Group of Plant/Microbe Interactions, Biotic Stress Unit, Institute of Plant Science and Resources (IPSR)
Okayama University, Japan
Fellowship Period: 06.2019-11.2019
Dr. SUZUKI received a Ph. D (1989) in virology from Tohoku University in Sendai, Japan. He currently serves as a full professor of IPSR, Okayama University and teaches a few courses to undergraduate and graduate students. SUZUKI Laboratory focuses on characterization of diverse viruses infecting phytopathogenic fungi and exploration of the interplays among plants/fungi/viruses. Recent achievements include the discovery of a neo-virus lifestyle exhibited by a (+)ssRNA virus and an unrelated dsRNA virus in a plant pathogenic fungus and of multilayer antiviral defense in fungi involving Dicer.
The ascomycetous fungus, Cryphonectria parasitica, causes one of the most destructive tree diseases, chestnut blight. Several viruses such as the prototype hypovirus CHV1, have previously been shown to reduce virulence (hypovirulence) of the host fungus. This property of viruses prompts many researchers to applied studies on biocontrol of chestnut blight as well as basic studies on both the fungus and its viruses. Despite the fact that C. parasitica supports the replication of many viruses, studies using living trees or at the field level was limited to those with CHV1.
Here we tested diverse viruses for their hypovirulence induction, biocontrol potential, and in-tree spread using living trees in a greenhouse.
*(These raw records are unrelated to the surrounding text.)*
(* For all $x_1,x_2,y \in \mathbb{T}$ with $x_1 \neq x_2$, there exists $h \in \mathcal{H}$ such that \[ \max\{d(\gamma^{x_1}_h(1),y),d(\gamma^{x_2}_h(1),y)\} \leq \tfrac{3}{2}d(x_1,x_2). \]
   Context: $\mathcal H$ is the space of piecewise constant compactly supported functions $h=(h_1,h_{-1}):\mathbb{R}^+\to\mathbb{R}^2$. For fixed $\sigma>0$ and $x\in\mathbb{R}$, $\gamma^x_h$ is the solution of the control ODE $\frac{\mathrm{d}\gamma^x_h}{\mathrm{d}t}=c+\sigma^2\big(\mathfrak a(\gamma^x_h)-\tfrac12\sum_{k\in\mathbb{Z}}\mathfrak b_k'(\gamma^x_h)\mathfrak b_k(\gamma^x_h)\big)+\sigma\big(\mathfrak b_1(\gamma^x_h)h_1+\mathfrak b_{-1}(\gamma^x_h)h_{-1}\big)$, $\gamma^x_h(0)=x$, viewed on $\mathbb{T}=\mathbb{R}/\mathbb{Z}$ with torus distance $d$. Here, for a traveling pulse $u^*$ (speed $c$) of $\mathrm{d}u=Au\,\mathrm{d}t+f(u)\,\mathrm{d}t$ on $\mathcal X=H^{s,p}(\mathbb{R};\mathbb{R}^n)$, with $\mathcal T_xf=f(\cdot-x)$, isochron map $\pi_{\mathrm{iso}}$ (upright $\pi$ in the paper, not the circle constant; defined by $\lim_{t\to\infty}\|u^v(t)-u^*(\cdot-ct-\pi_{\mathrm{iso}}(v))\|_{\mathcal X}=0$), basis $e_k(x)=\sqrt2\cos(2\pi kx)$ ($k>0$), $e_0=1$, $e_k(x)=\sqrt2\sin(2\pi kx)$ ($k<0$), coefficients $\alpha_k$, nonlinearity $g$: $\mathfrak a(x)=\tfrac12\sum_k\alpha_k^2\big(\pi_{\mathrm{iso}}'(\mathcal T_xu^* )[g'(\mathcal T_xu^* )g(\mathcal T_xu^* )e_k^2]+\pi_{\mathrm{iso}}''(\mathcal T_xu^* )[g(\mathcal T_xu^* )e_k,g(\mathcal T_xu^* )e_k]\big)$, $\mathfrak b_k(x)=\alpha_k\pi_{\mathrm{iso}}'(\mathcal T_xu^* )[g(\mathcal T_xu^* )e_k]$. These are smooth, 1-periodic, and $\mathrm{span}\{\mathfrak b_1,\mathfrak b_{-1}\}=\{L\sin(2\pi\cdot+\eta):L,\eta\in\mathbb{R}\}$. *)

From Stdlib Require Import Reals.
From Coquelicot Require Import Coquelicot.
Open Scope R_scope.

(* Torus distance on T = R/Z, for lifts a b : R. *)
Definition tdist (a b : R) : R :=
  Rmin (frac_part (a - b)) (1 - frac_part (a - b)).

Definition smooth (f : R -> R) : Prop := forall (n : nat) (x : R), ex_derive_n f n x.

Definition periodic1 (f : R -> R) : Prop := forall x, f (x + 1) = f x.

Definition span_is_sinusoids (b1 bm1 : R -> R) : Prop :=
  (forall al be : R, exists L eta : R, forall x,
      al * b1 x + be * bm1 x = L * sin (2 * PI * x + eta)) /\
  (forall L eta : R, exists al be : R, forall x,
      al * b1 x + be * bm1 x = L * sin (2 * PI * x + eta)).

Definition pc_cs (h : R -> R * R) : Prop :=
  exists (n : nat) (t : nat -> R) (v : nat -> R * R),
    t O = 0 /\
    (forall i, (i < n)%nat -> t i < t (S i)) /\
    (forall i s, (i < n)%nat -> t i <= s < t (S i) -> h s = v i) /\
    (forall s, t n <= s -> h s = (0, 0)).

(* Drift of the control ODE:  c + sigma^2 (a(x) - 1/2 * S(x)),
   where S stands for sum_k b_k'(x) b_k(x). *)
Definition drift (c sigma : R) (a S : R -> R) (x : R) : R :=
  c + sigma ^ 2 * (a x - / 2 * S x).

(* gam is a (Caratheodory) solution on [0,1] of the control ODE
   d gam/dt = drift(gam) + sigma (b1(gam) h1 + bm1(gam) hm1),  gam(0) = x,
   in integral form. *)
Definition ctrl_sol (c sigma : R) (a S b1 bm1 : R -> R) (h : R -> R * R)
    (x : R) (gam : R -> R) : Prop :=
  forall t, 0 <= t <= 1 ->
    is_RInt (fun s => drift c sigma a S (gam s)
                      + sigma * (b1 (gam s) * fst (h s) + bm1 (gam s) * snd (h s)))
            0 t (gam t - x).

(* Freezing the control on a time interval turns the control ODE into an autonomous
   scalar ODE whose field is the drift plus an arbitrary sinusoid -K sin(2 pi (w - z))
   (span hypothesis).  For K large this field points towards z + Z from both sides on
   arcs of radius 7/16, so in time 1/2 it carries every point within 3/8 + 2 eps of a
   lift of z to within 2 eps of it.  One of the quarters 0, 1/4, 1/2, 3/4 is within 3/8
   of x1, x2 and y modulo 1; steering to it on [0, 1/2) and then to y on [1/2, 1) brings
   both endpoints within 2 eps <= d(x1, x2) of y.  The fields are Lipschitz and bounded,
   so Picard iteration provides the solutions. *)

From Stdlib Require Import Reals Lra Lia Classical ZArith.
From Coquelicot Require Import Coquelicot.
Open Scope R_scope.

(** * Lipschitz bounded functions *)

Definition lipschitz (f : R -> R) (L : R) : Prop :=
  forall x y, Rabs (f x - f y) <= L * Rabs (x - y).

Definition bounded_by (f : R -> R) (M : R) : Prop := forall x, Rabs (f x) <= M.

Definition lip_bounded (f : R -> R) : Prop :=
  exists L M, 0 <= L /\ 0 <= M /\ lipschitz f L /\ bounded_by f M.

Lemma bounded_by_ge0 f M : bounded_by f M -> 0 <= M.
Proof. intros HB. pose proof (HB 0). pose proof (Rabs_pos (f 0)). lra. Qed.

Lemma lipschitz_continuous f L : lipschitz f L -> forall x, continuous f x.
Proof.
  intros HL x. apply continuity_pt_filterlim. intros eps Heps.
  pose proof (Rabs_pos L) as HL0. pose proof (Rle_abs L).
  exists (eps / (Rabs L + 1)). split; [apply Rdiv_lt_0_compat; lra|].
  intros y [_ Hy]. simpl in *. unfold R_dist in *.
  apply Rmult_lt_compat_l with (r := Rabs L + 1) in Hy; [|lra].
  replace ((Rabs L + 1) * (eps / (Rabs L + 1))) with eps in Hy by (field; lra).
  pose proof (HL y x). pose proof (Rabs_pos (y - x)). nra.
Qed.

Lemma periodic1_IZR f : periodic1 f -> forall x (k : Z), f (x + IZR k) = f x.
Proof.
  intros Hp.
  assert (Hnat : forall x n, f (x + INR n) = f x).
  { intros x n. induction n as [|n IH]; [simpl; f_equal; ring|].
    rewrite S_INR, <- IH, <- (Hp (x + INR n)). f_equal; ring. }
  intros x k. destruct (Z_le_gt_dec 0 k).
  - rewrite <- (Z2Nat.id k), <- INR_IZR_INZ by lia. apply Hnat.
  - replace k with (- Z.of_nat (Z.to_nat (- k)))%Z by lia.
    rewrite opp_IZR, <- INR_IZR_INZ, <- (Hnat (x + - _) (Z.to_nat (- k))).
    f_equal; ring.
Qed.

Lemma periodic1_frac_part f : periodic1 f -> forall x, f x = f (frac_part x).
Proof.
  intros Hp x. rewrite <- (periodic1_IZR f Hp (frac_part x) (Int_part x)).
  unfold frac_part. f_equal; ring.
Qed.

Lemma periodic1_continuous_bounded f :
  periodic1 f -> (forall x, continuous f x) -> exists B, bounded_by f B.
Proof.
  intros Hp Hc.
  assert (Hc01 : forall x, 0 <= x <= 1 -> continuity_pt f x)
    by (intros; apply continuity_pt_filterlim, Hc).
  destruct (continuity_ab_maj f 0 1) as [xM [HM _]]; [lra|exact Hc01|].
  destruct (continuity_ab_min f 0 1) as [xm [Hm _]]; [lra|exact Hc01|].
  exists (Rabs (f xM) + Rabs (f xm)). intro x.
  rewrite (periodic1_frac_part f Hp x). destruct (base_fp x).
  specialize (HM (frac_part x) ltac:(lra)). specialize (Hm (frac_part x) ltac:(lra)).
  pose proof (Rle_abs (f xM)). pose proof (Rabs_pos (f xM)).
  pose proof (Rle_abs (- f xm)). rewrite Rabs_Ropp in *. pose proof (Rabs_pos (f xm)).
  apply Rabs_le. lra.
Qed.

Lemma periodic1_Derive f : periodic1 f -> (forall x, ex_derive f x) -> periodic1 (Derive f).
Proof.
  intros Hp Hd x.
  assert (Hshift : Derive (fun t => t + 1) x = 1)
    by (apply is_derive_unique; auto_derive; reflexivity).
  rewrite <- (Derive_ext (fun t => f (t + 1)) f x Hp), (Derive_comp f (fun t => t + 1)), Hshift;
    [ring | apply Hd | auto_derive; exact I].
Qed.

Lemma smooth_periodic1_lip_bounded f : smooth f -> periodic1 f -> lip_bounded f.
Proof.
  intros Hs Hp.
  assert (Hd : forall x, ex_derive f x) by exact (Hs 1%nat).
  assert (Hd2 : forall x, ex_derive (Derive f) x) by exact (Hs 2%nat).
  assert (Hf_cont : forall x, continuous f x)
    by (intro x; exact (@ex_derive_continuous R_AbsRing R_NormedModule f x (Hd x))).
  destruct (periodic1_continuous_bounded (Derive f)) as [L HL];
    [ apply periodic1_Derive; auto
    | intro x; exact (@ex_derive_continuous R_AbsRing R_NormedModule _ x (Hd2 x)) |].
  destruct (periodic1_continuous_bounded f Hp Hf_cont) as [M HM].
  exists L, M.
  repeat split; [exact (bounded_by_ge0 _ _ HL) | exact (bounded_by_ge0 _ _ HM) | | exact HM].
  intros x y. destruct (MVT_gen f y x (Derive f)) as [c [_ ->]].
  - intros; apply Derive_correct, Hd.
  - intros; apply continuity_pt_filterlim, Hf_cont.
  - rewrite Rabs_mult. apply Rmult_le_compat_r; [apply Rabs_pos | apply HL].
Qed.

Lemma lip_bounded_const k : lip_bounded (fun _ => k).
Proof.
  exists 0, (Rabs k). repeat split; [lra | apply Rabs_pos | | intro; lra].
  intros x y. rewrite Rminus_eq_0, Rabs_R0. lra.
Qed.

Lemma lip_bounded_plus f g : lip_bounded f -> lip_bounded g -> lip_bounded (fun x => f x + g x).
Proof.
  intros [L1 [M1 [? [? [Lf Bf]]]]] [L2 [M2 [? [? [Lg Bg]]]]].
  exists (L1 + L2), (M1 + M2). repeat split; try lra.
  - intros x y. specialize (Lf x y). specialize (Lg x y).
    replace (f x + g x - (f y + g y)) with ((f x - f y) + (g x - g y)) by ring.
    eapply Rle_trans; [apply Rabs_triang | lra].
  - intro x. specialize (Bf x). specialize (Bg x).
    eapply Rle_trans; [apply Rabs_triang | lra].
Qed.

Lemma lip_bounded_scal k f : lip_bounded f -> lip_bounded (fun x => k * f x).
Proof.
  intros [L [M [? [? [Lf Bf]]]]]. pose proof (Rabs_pos k).
  exists (Rabs k * L), (Rabs k * M). repeat split; try nra.
  - intros x y. rewrite <- Rmult_minus_distr_l, Rabs_mult, Rmult_assoc.
    apply Rmult_le_compat_l; auto.
  - intro x. rewrite Rabs_mult. apply Rmult_le_compat_l; auto.
Qed.

Lemma lip_bounded_ext f g : (forall x, f x = g x) -> lip_bounded f -> lip_bounded g.
Proof.
  intros E [L [M [? [? [Lf Bf]]]]]. exists L, M. repeat split; auto.
  - intros x y. rewrite <- !E. apply Lf.
  - intro x. rewrite <- E. apply Bf.
Qed.

(** * Integral solutions and Picard iteration *)

Definition sol_on (f : R -> R -> R) (a b : R) (g : R -> R) : Prop :=
  forall s t, a <= s -> s <= t -> t <= b -> is_RInt (fun r => f r (g r)) s t (g t - g s).

Lemma sol_on_of_is_RInt f a b g x :
  a <= b -> (forall t, a <= t <= b -> is_RInt (fun r => f r (g r)) a t (g t - x)) ->
  g a = x /\ sol_on f a b g.
Proof.
  intros hab H.
  assert (Hga : g a = x).
  { pose proof (is_RInt_unique _ _ _ _ (H a ltac:(lra))) as E.
    rewrite RInt_point in E. unfold zero in E; simpl in E. lra. }
  split; [exact Hga|]. subst x. intros s t Has Hst Htb.
  replace (g t - g s) with (plus (opp (g s - g a)) (g t - g a))
    by (unfold plus, opp; simpl; ring).
  apply (@is_RInt_Chasles R_NormedModule) with a; [apply (@is_RInt_swap R_NormedModule)|];
    apply H; lra.
Qed.

Lemma sol_on_sub f a b a' b' g : a <= a' -> b' <= b -> sol_on f a b g -> sol_on f a' b' g.
Proof. intros ? ? H s t ? ? ?. apply H; lra. Qed.

Lemma sol_on_ext f f' a b g g' :
  (forall r, a < r < b -> f r (g r) = f' r (g' r)) -> (forall r, a <= r <= b -> g r = g' r) ->
  sol_on f a b g -> sol_on f' a b g'.
Proof.
  intros Ef Eg H s t Has Hst Htb. rewrite <- (Eg t), <- (Eg s) by lra.
  apply (is_RInt_ext (fun r => f r (g r))); [|apply H; lra].
  intros r. rewrite Rmin_left, Rmax_right by lra. intros; apply Ef; lra.
Qed.

Lemma sol_on_glue f a b c g : a <= b <= c -> sol_on f a b g -> sol_on f b c g -> sol_on f a c g.
Proof.
  intros hb H1 H2 s t Has Hst Htc.
  destruct (Rle_dec t b); [apply H1; lra|]. destruct (Rle_dec b s); [apply H2; lra|].
  replace (g t - g s) with (plus (g b - g s) (g t - g b)) by (unfold plus; simpl; ring).
  apply (@is_RInt_Chasles R_NormedModule) with b; [apply H1 | apply H2]; lra.
Qed.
The seven examined viruses are: CHV1 and its mutant, CHV1-Dp69, Cryphonectria hypovirus 2 (CHV2), CHV3, Cryphonectria mitovirus 1 (CpMV1), mycoreovirus 1 (MyRV1), and Rosellinia necatrix partitivirus 6 (RnPV6). These viruses are different from each other in genome structure. The collaborative research with Dr. Rigling showed their different in-planta behaviors and classified the viruses into four groups: I, CHV1, CHV1-Dp69, and CHV2; II, MyRV1; III, CHV3 and CpMV1; IV, RnPV6. The viruses of Group I had great biocontrol potential; that is, they could protect trees from the challenge by a virulent fungal strain, induce hypovirulence and spread efficiently in trees. Whereas MyRV1 (Group II) could induce high-levels of hypovirulence, it showed much less biocontrol potential, likely because of their inefficient virus spread. Group III showed poor performance in hypovirulence induction and bicocontrol, while they could move efficiently in trees. While RnPV6 (Group IV) was able to induce a moderate level of hypovirulence, it showed poor biocontrol potential possibly due to its inefficient in-tree spread. Thus, it is suggested that to exert great biocontrol effects viruses must be able to induce hypovirulence and spread efficiently in trees.